Given records: Begin

(* y_{2k} + y_{2k+1} = y'_{2k-1} + y'_{2k}, where y' are the weights after mutation;
   at the ends k = 0 and k = r the missing weights are 0 and the boundary
   values of the seed are 1. *)
Lemma sum_rule_mutate k :
  yG s k.*2 + yG s k.*2.+1 = prev_odd (yG (mutate s)) k + yG (mutate s) k.*2.
Proof.
have [k_lt|k_gt|->] := ltngtP k r.
- rewrite !yG_in ?yseed_even ?yseed_odd ?mutate_fst; try lia.
  case: k k_lt => [|k] k_lt.
  + have [A0 B0] := bnd (a := 0) isT.
    rewrite prev_odd0 (mutate_out s (a := 0)) // mutate_in /= ?A0 ?B0; last by lia.
    by field; rewrite A_neq0 B_neq0.
  + rewrite prev_oddS yG_in ?yseed_odd ?mutate_fst ?mutate_in /=; try lia.
    by field; rewrite ?A_neq0 ?B_neq0 ?num_neq0 //; lia.
- case: k k_gt => [//|k] k_gt.
  by rewrite prev_oddS !yG_out ?addr0 //; lia.
- have [A_r1 B_r1] : s.1 r.+1 = 1 /\ s.2 r.+1 = 1 by apply: bnd; lia.
  rewrite prev_odd_gt0 // (yG_out s (i := r.*2.+1)); last by lia.
  rewrite !yG_in ?yseed_even ?yseed_odd ?mutate_fst ?prednK //; try lia.
  rewrite (mutate_out s (a := r.+1)) ?mutate_in ?A_r1 ?B_r1; try lia.
  have num_r : s.2 r ^+ 2 + s.2 r.-1 != 0.
    by rewrite -[s.2 r.-1]mul1r -B_r1 num_neq0 //; lia.
  by field; rewrite A_neq0 B_neq0 num_r.
Qed.

Lemma prod_rule_mutate k :
  yG s k.*2 * (yG (mutate s) k.*2.+1 + yG (mutate s) k.*2.+2) =
  (prev_odd (yG (mutate s)) k + yG (mutate s) k.*2) * yG (mutate s) k.*2.+2.
Proof.
rewrite -sum_rule_mutate; have [k_lt | r_le_k] := ltnP k r.
- rewrite !yG_in ?yseed_even ?yseed_odd -?doubleS ?yseed_even ?mutate_fst; try lia.
  rewrite (mutate_in s (a := k.+1)) /=; last by lia.
  by field; rewrite ?A_neq0 ?B_neq0 ?num_neq0 //; lia.
- by rewrite !(yG_out (mutate s)) ?addr0 ?mulr0 //; lia.
Qed.

End LocalRules.
End Mutation.

Fixpoint eval_ones (k : nat) : mpoly k -> rat :=
  match k return mpoly k -> rat with
  | 0 => fun x => x
  | k'.+1 => fun p : {poly mpoly k'} => eval_ones p.[1]
  end.

Lemma eval_onesD k (p q : mpoly k) : eval_ones (p + q) = eval_ones p + eval_ones q.
Proof. by elim: k p q => [|k IH] p q //=; rewrite hornerD IH. Qed.

Lemma eval_onesM k (p q : mpoly k) : eval_ones (p * q) = eval_ones p * eval_ones q.
Proof. by elim: k p q => [|k IH] p q //=; rewrite hornerM IH. Qed.

Lemma eval_ones1 k : eval_ones (1 : mpoly k) = 1.
Proof. by elim: k => [|k IH] //=; rewrite hornerC IH. Qed.

Lemma eval_ones0 k : eval_ones (0 : mpoly k) = 0.
Proof. by elim: k => [|k IH] //=; rewrite horner0 IH. Qed.

Lemma eval_ones_var k i : (i < k)%N -> eval_ones (mvar k i) = 1.
Proof.
elim: k i => [|k IH] [|i] //= i_lt; first by rewrite hornerX eval_ones1.
by rewrite hornerC IH.
Qed.

Section Specialization.
Variable r : nat.
Local Notation P := (mpoly (2 * r)).
Local Notation tf := (@FracField.tofrac P).

Definition specializes (x : QField r) (v : rat) : Prop :=
  exists p q : P, [/\ eval_ones q != 0, x = tf p / tf q & v = eval_ones p / eval_ones q].

Let tf_neq0 (q : P) : eval_ones q != 0 -> tf q != 0.
Proof.
by move=> q_neq0; rewrite tofrac_eq0; apply: contraNneq q_neq0 => ->; rewrite eval_ones0.
Qed.

Lemma specializesD x x' v v' :
  specializes x v -> specializes x' v' -> specializes (x + x') (v + v').
Proof.
move=> [p [q [q_neq0 -> ->]]] [p' [q' [q'_neq0 -> ->]]].
exists (p * q' + p' * q), (q * q'); split.
- by rewrite eval_onesM mulf_neq0.
- by rewrite addf_div ?tf_neq0 // tofracD !tofracM.
- by rewrite addf_div // eval_onesD !eval_onesM.
Qed.

Lemma specializesM x x' v v' :
  specializes x v -> specializes x' v' -> specializes (x * x') (v * v').
Proof.
move=> [p [q [q_neq0 -> ->]]] [p' [q' [q'_neq0 -> ->]]].
exists (p * p'), (q * q'); split.
- by rewrite eval_onesM mulf_neq0.
- by rewrite mulf_div !tofracM.
- by rewrite mulf_div !eval_onesM.
Qed.

Lemma specializesV x x' v v' : v' != 0 ->
  specializes x v -> specializes x' v' -> specializes (x / x') (v / v').
Proof.
move=> v'_neq0 [p [q [q_neq0 -> ->]]] [p' [q' [q'_neq0 -> v'_eq]]].
have p'_neq0 : eval_ones p' != 0 by apply: contraNneq v'_neq0; rewrite v'_eq => ->; rewrite mul0r.
exists (p * q'), (q * p'); split.
- by rewrite eval_onesM mulf_neq0.
- by rewrite invf_div mulf_div !tofracM.
- by rewrite v'_eq invf_div mulf_div !eval_onesM.
Qed.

Given records: End

[Work instructions]
Check each line above for the string "Lemma" and copy the ones that have it.

[Solved problem]
Lemma sum_rule_mutate k :
Lemma prod_rule_mutate k :
Lemma eval_onesD k (p q : mpoly k) : eval_ones (p + q) = eval_ones p + eval_ones q.
Lemma eval_onesM k (p q : mpoly k) : eval_ones (p * q) = eval_ones p * eval_ones q.
Lemma eval_ones1 k : eval_ones (1 : mpoly k) = 1.
Lemma eval_ones0 k : eval_ones (0 : mpoly k) = 0.
Lemma eval_ones_var k i : (i < k)%N -> eval_ones (mvar k i) = 1.
Lemma specializesD x x' v v' :
Lemma specializesM x x' v v' :
Lemma specializesV x x' v v' : v' != 0 ->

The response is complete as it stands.